* **Exercise prompt**
Your answer should consist of the lines below that hold the word "Import".

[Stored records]
(* Let $\mathcal T$ be a theory of $\mathsf{LGIM}$ consisting of generalised graded implications and let $\zeta_1,\dots,\zeta_n\Rightarrow_e\eta$ be a generalised graded implication. If $\mathcal T\models\zeta_1,\dots,\zeta_n\Rightarrow_e\eta$, then $\mathcal T\vdash_{\mathsf{LGIM}}\zeta_1,\dots,\zeta_n\Rightarrow_t\eta$ for every $t\in[0,1]$ with $t<e$.
   Context: Fix a continuous t-norm $\odot$ on $[0,1]$ and let $c\oplus d = 1-((1-c)\odot(1-d))$. Write $c\odot_{\L} d=\max(c+d-1,0)$, $c\oplus_{\L} d=\min(c+d,1)$, and $\mathrm{avg}(r_1,\dots,r_n)=(r_1+\dots+r_n)/n$. Basic expressions: built from countably many variables $\phi_0,\phi_1,\dots$ and constants $\bot,\top$ by binary $\land,\lor,\odot$ and unary $\sim$. A generalised graded implication is written $\alpha_1,\dots,\alpha_n\Rightarrow_c\beta$ where $n\ge1$, $\alpha_1,\dots,\alpha_n$ is a multiset of basic expressions, $\beta$ a basic expression, $c\in[0,1]$; for $n=1$ it is a graded implication $\alpha\Rightarrow_c\beta$. Formulas of $\mathsf{LGIM}$ are built from generalised graded implications by classical $\land,\lor,\lnot$; $\Phi\to\Psi$ abbreviates $\lnot\Phi\lor\Psi$. A theory is a set of formulas. Semantics: an evaluation is a map $v$ from basic expressions to $[0,1]$ with $v(\bot)=0$, $v(\top)=1$, interpreting $\land$ by min, $\lor$ by max, $\odot$ by the t-norm, $\sim$ by $x\mapsto1-x$. $v$ satisfies $\alpha_1,\dots,\alpha_n\Rightarrow_c\beta$ iff $\mathrm{avg}(v(\alpha_1),\dots,v(\alpha_n))\le v(\beta)+1-c$; satisfaction extends classically; $\mathcal T\models\Phi$ means every evaluation satisfying all of $\mathcal T$ satisfies $\Phi$. Calculus $\mathsf{LGIM}$: axioms are (i) all substitution instances (by generalised graded implications) of classical propositional tautologies; (ii) for all basic expressions $\alpha,\beta,\gamma$ and $c,d\in[0,1]$: ($\land_1$) $(\alpha\Rightarrow_d\beta)\land(\alpha\Rightarrow_d\gamma)\to(\alpha\Rightarrow_d\beta\land\gamma)$; ($\land_2$) $\alpha\land\beta\Rightarrow_1\alpha$; ($\land_3$) $\alpha\land\beta\Rightarrow_1\beta$; ($\lor_1$) $(\alpha\Rightarrow_d\gamma)\land(\beta\Rightarrow_d\gamma)\to(\alpha\lor\beta\Rightarrow_d\gamma)$; ($\lor_2$) $\alpha\Rightarrow_1\alpha\lor\beta$; ($\lor_3$) $\beta\Rightarrow_1\alpha\lor\beta$; ($\odot_1$) $(\top\Rightarrow_c\alpha)\land(\top\Rightarrow_d\beta)\to(\top\Rightarrow_{c\odot d}\alpha\odot\beta)$; ($\odot_2$) $(\alpha\Rightarrow_c\bot)\land(\beta\Rightarrow_d\bot)\to(\alpha\odot\beta\Rightarrow_{c\oplus d}\bot)$; ($\odot_3$) $\top\Rightarrow_1\top\odot\top$; ($\sim_1$) $(\alpha\Rightarrow_d\beta)\to(\sim\beta\Rightarrow_d\sim\alpha)$; ($\sim_2$) $\sim\sim\alpha\Rightarrow_1\alpha$; ($\sim_3$) $\alpha\Rightarrow_1\sim\sim\alpha$; ($\top$) $\alpha\Rightarrow_1\top$; ($\bot$) $\bot\Rightarrow_1\alpha$; (0) $\alpha\Rightarrow_0\beta$; ($c$) $\alpha\Rightarrow_c\alpha$; (inkons) $\lnot(\top\Rightarrow_c\bot)$ for $c>0$; (trans$_1$) $(\alpha\Rightarrow_c\beta)\land(\beta\Rightarrow_d\gamma)\to(\alpha\Rightarrow_{c\odot_{\L}d}\gamma)$; (trans$_2$) $(\alpha\Rightarrow_c\bot)\land(\top\Rightarrow_d\beta)\to(\alpha\Rightarrow_{c\oplus_{\L}d}\beta)$; (lin$_1$) $(\alpha\Rightarrow_1\beta)\lor(\beta\Rightarrow_1\alpha)$; (lin$_2$) $(\top\Rightarrow_d\alpha)\lor(\alpha\Rightarrow_{1-d}\bot)$; (iii) for all basic expressions $\alpha,\alpha_i,\beta_i,\beta,\gamma$ and $c,c_i,d\in[0,1]$: (trans$\varnothing_1$) $(\alpha_1\Rightarrow_{c_1}\beta_1)\land\dots\land(\alpha_n\Rightarrow_{c_n}\beta_n)\land(\beta_1,\dots,\beta_n\Rightarrow_d\gamma)\to(\alpha_1,\dots,\alpha_n\Rightarrow_{\mathrm{avg}(c_1,\dots,c_n)\odot_{\L}d}\gamma)$; (trans$\varnothing_2$) $(\alpha_1,\dots,\alpha_n\Rightarrow_c\beta)\land(\beta\Rightarrow_d\gamma)\to(\alpha_1,\dots,\alpha_n\Rightarrow_{c\odot_{\L}d}\gamma)$; (trans$\varnothing_3$) $(\alpha_1\Rightarrow_{c_1}\bot)\land\dots\land(\alpha_n\Rightarrow_{c_n}\bot)\land(\top\Rightarrow_d\beta)\to(\alpha_1,\dots,\alpha_n\Rightarrow_{\mathrm{avg}(c_1,\dots,c_n)\oplus_{\L}d}\beta)$; ($\top\varnothing$) $(\top,\dots,\top\Rightarrow_c\alpha)\to(\top\Rightarrow_c\alpha)$. The only rule is modus ponens. $\mathcal T\vdash_{\mathsf{LGIM}}\Phi$ means $\Phi$ has a finite derivation from axioms and elements of $\mathcal T$ by modus ponens. *)

From Stdlib Require Import Reals List Permutation.
Import ListNotations.
Open Scope R_scope.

* **Exercise solution**
From Stdlib Require Import Reals List Permutation.
Import ListNotations.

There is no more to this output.